• REQUIREMENT:
From the entries that follow, copy exactly the lines beginning at the line holding "(forall a b" and continuing through the line holding "(forall x x' y y'".

• EXERCISE DATA:
(* Let $m,n\ge 2$ and let $RC(3,m,n)$ be the set of all real vectors $\{P(a,b,c|x,y,z)\}_{a,b,c\in\{1,\dots,n\},\,x,y,z\in\{1,\dots,m\}}$ satisfying $P(a,b,c|x,y,z)\ge 0$, $\sum_{a,b,c}P(a,b,c|x,y,z)=1$ for all $x,y,z$, and the relativistic causal constraints: (i) $\sum_a P(a,b,c|x,y,z)=\sum_a P(a,b,c|x',y,z)$ for all $x,x',y,z,b,c$; (ii) $\sum_c P(a,b,c|x,y,z)=\sum_c P(a,b,c|x,y,z')$ for all $z,z',x,y,a,b$; (iii) $\sum_{b,c} P(a,b,c|x,y,z)=\sum_{b,c} P(a,b,c|x,y',z')$ for all $y,y',z,z',x,a$; (iv) $\sum_{a,b} P(a,b,c|x,y,z)=\sum_{a,b} P(a,b,c|x',y',z)$ for all $x,x',y,y',z,c$. Then the dimension of the polytope $RC(3,m,n)$ (i.e. of its affine hull in $\mathbb{R}^{(mn)^3}$) equals $$[m(n-1)+1]^{3}+m^{2}(m-1)(n-1)^{2}-1.$$ *)

From HB Require Import structures.
From mathcomp Require Import all_boot all_order all_algebra.
From mathcomp Require Import reals.
Set Implicit Arguments. Unset Strict Implicit. Unset Printing Implicit Defensive.
Import Order.TTheory GRing.Theory Num.Theory.
Local Open Scope ring_scope.

Definition idx (m n : nat) : finType :=
  ('I_n * 'I_n * 'I_n * ('I_m * 'I_m * 'I_m))%type.

Definition pt (R : realType) (m n : nat) := {ffun idx m n -> R^o}.

Definition PP (R : realType) m n (p : pt R m n) a b c x y z : R :=
  p ((a, b, c), (x, y, z)).

Definition RC (R : realType) (m n : nat) (p : pt R m n) : Prop :=
  (forall a b c x y z, 0 <= PP p a b c x y z) /\
  (forall x y z, \sum_a \sum_b \sum_c PP p a b c x y z = 1) /\
  [/\ (forall x x' y z b c,
          \sum_a PP p a b c x y z = \sum_a PP p a b c x' y z),
      (forall z z' x y a b,
          \sum_c PP p a b c x y z = \sum_c PP p a b c x y z'),
      (forall y y' z z' x a,
          \sum_b \sum_c PP p a b c x y z = \sum_b \sum_c PP p a b c x y' z')
    & (forall x x' y y' z c,
          \sum_a \sum_b PP p a b c x y z = \sum_a \sum_b PP p a b c x' y' z)].

(* Affine dimension: S has affine-hull dimension d iff the linear span U of
   all differences p - q (p, q in S) -- the direction space of aff(S) --
   has dimension d. *)
Definition affine_dim (F : fieldType) (vT : vectType F) (S : vT -> Prop)
    (d : nat) : Prop :=
  exists U : {vspace vT},
    [/\ (forall p q, S p -> S q -> p - q \in U),
        (exists s : seq (vT * vT),
            (forall pq, pq \in s -> S pq.1 /\ S pq.2) /\
            U = <<[seq pq.1 - pq.2 | pq <- s]>>%VS)
      & \dim U = d].

From HB Require Import structures.
From mathcomp Require Import all_boot all_order all_algebra ring lra.
From mathcomp Require Import reals.
Set Implicit Arguments. Unset Strict Implicit. Unset Printing Implicit Defensive.
Import Order.TTheory GRing.Theory Num.Theory.
Local Open Scope ring_scope.

(* In every probability P(a,b,c|x,y,z) whose output a is the last
   one, replace P by its marginal over a (likewise for b and c).  This invertible
   triangular change of coordinates turns the homogeneous causal constraints
   into "the coordinate at outputs (last, last, last) vanishes" and "a
   coordinate whose output a (resp. c, resp. b together with a or c) is the
   last one does not depend on the input x (resp. z, resp. y)".  The solutions
   are thus freely parametrised by the coordinates whose irrelevant inputs are
   already 0, and counting these gives the formula.  The uniform distribution
   lies in the relative interior of RC, so the direction of the affine hull of
   RC is the whole solution space. *)

Section AffineDim.
Variables (F : fieldType) (vT : vectType F).

Lemma vlineZ (e : F) (v : vT) : e != 0 -> (<[e *: v]> = <[v]>)%VS.
Proof.
move=> e_nz; apply/eqP; rewrite eqEsubv -!memvE memvZ ?memv_line //=.
by rewrite -[v in v \in _](scalerK e_nz) memvZ ?memv_line.
Qed.

Lemma dim_lpreim_lker0 (f : 'End(vT)) (W : {vspace vT}) :
  lker f == 0%VS -> \dim (f @^-1: W) = \dim W.
Proof.
move=> kerf0; have Wf : (W <= limg f)%VS by rewrite lker0_limgf ?subvf.
by rewrite -[in RHS](lpreimK Wf) limg_dim_eq // (eqP kerf0) capv0.
Qed.

Variables (S : vT -> Prop) (U : {vspace vT}) (u : vT).
Hypotheses (Su : S u) (S_dir : forall p q, S p -> S q -> p - q \in U).
Hypothesis S_open : forall v, v \in U -> exists2 e : F, e != 0 & S (u + e *: v).

Lemma span_differences (X : seq vT) : {subset X <= U} ->
  exists s : seq (vT * vT), (forall pq, pq \in s -> S pq.1 /\ S pq.2) /\
    <<[seq pq.1 - pq.2 | pq <- s]>>%VS = <<X>>%VS.
Proof.
elim: X => [|v X IHX] XU; first by exists [::].
have [|s [sS sX]] := IHX; first by move=> w Xw; apply: XU; rewrite inE Xw orbT.
have [e e_nz Sv] := S_open (XU v (mem_head v X)).
exists ((u + e *: v, u) :: s); split.
  by move=> pq; rewrite inE => /predU1P [-> //|]; apply: sS.
by rewrite /= !span_cons sX addrAC subrr add0r vlineZ.
Qed.

Lemma affine_dim_interior : affine_dim S (\dim U).
Proof.
exists U; split=> //.
have [s [sS sU]] := span_differences (fun v => @vbasis_mem _ _ v U).
by exists s; rewrite sU (span_basis (vbasisP U)).
Qed.

End AffineDim.

Section MarginalSelection.
Variables (R : zmodType) (n : nat).

Definition msel (al a : 'I_n.+1) : bool := (al == ord_max) || (a == al).

Lemma msel_sum_inj (h h' : 'I_n.+1 -> R) :
  (forall al, \sum_(a | msel al a) h a = \sum_(a | msel al a) h' a) -> h =1 h'.
Proof.
move=> eq_h.
have eq_off a : a != ord_max -> h a = h' a.
  by move=> /negbTE a_nmax; have := eq_h a; rewrite /msel a_nmax !big_pred1_eq.
move=> a; have [->|/eq_off//] := eqVneq a ord_max.
have := eq_h ord_max; rewrite /msel eqxx /=.
rewrite (bigD1 ord_max) // [X in _ = X -> _](bigD1 ord_max) //=.
by rewrite (eq_bigr h') => [/addIr|i /eq_off].
Qed.

Lemma msel_sum2_inj (h h' : 'I_n.+1 -> 'I_n.+1 -> R) :
  (forall al be, \sum_(a | msel al a) \sum_(b | msel be b) h a b =
                 \sum_(a | msel al a) \sum_(b | msel be b) h' a b) ->
  forall a b, h a b = h' a b.
Proof.
move=> eq_h a; apply: msel_sum_inj => be.
by move: a; apply: msel_sum_inj => al; apply: eq_h.
Qed.

Lemma msel_sum3_inj (h h' : 'I_n.+1 -> 'I_n.+1 -> 'I_n.+1 -> R) :
  (forall al be ga,
     \sum_(a | msel al a) \sum_(b | msel be b) \sum_(c | msel ga c) h a b c =
     \sum_(a | msel al a) \sum_(b | msel be b) \sum_(c | msel ga c) h' a b c) ->
  forall a b c, h a b c = h' a b c.
Proof.
move=> eq_h a b c; move: b c; apply: msel_sum2_inj => be ga.
by move: a; apply: msel_sum_inj => al; apply: eq_h.
Qed.

Lemma sum3_rotl (P Q S : pred 'I_n.+1) (F : 'I_n.+1 -> 'I_n.+1 -> 'I_n.+1 -> R) :
  \sum_(a | P a) \sum_(b | Q b) \sum_(c | S c) F a b c =
  \sum_(b | Q b) \sum_(c | S c) \sum_(a | P a) F a b c.
Proof. by rewrite exchange_big; apply: eq_bigr => b _; rewrite exchange_big. Qed.

Lemma sum3_rotr (P Q S : pred 'I_n.+1) (F : 'I_n.+1 -> 'I_n.+1 -> 'I_n.+1 -> R) :
  \sum_(a | P a) \sum_(b | Q b) \sum_(c | S c) F a b c =
  \sum_(c | S c) \sum_(a | P a) \sum_(b | Q b) F a b c.
Proof. by under eq_bigr do rewrite exchange_big; rewrite exchange_big. Qed.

• TASK RESULT:
  (forall a b c x y z, 0 <= PP p a b c x y z) /\
  (forall x y z, \sum_a \sum_b \sum_c PP p a b c x y z = 1) /\
  [/\ (forall x x' y z b c,
          \sum_a PP p a b c x y z = \sum_a PP p a b c x' y z),
      (forall z z' x y a b,
          \sum_c PP p a b c x y z = \sum_c PP p a b c x y z'),
      (forall y y' z z' x a,
          \sum_b \sum_c PP p a b c x y z = \sum_b \sum_c PP p a b c x y' z')
    & (forall x x' y y' z c,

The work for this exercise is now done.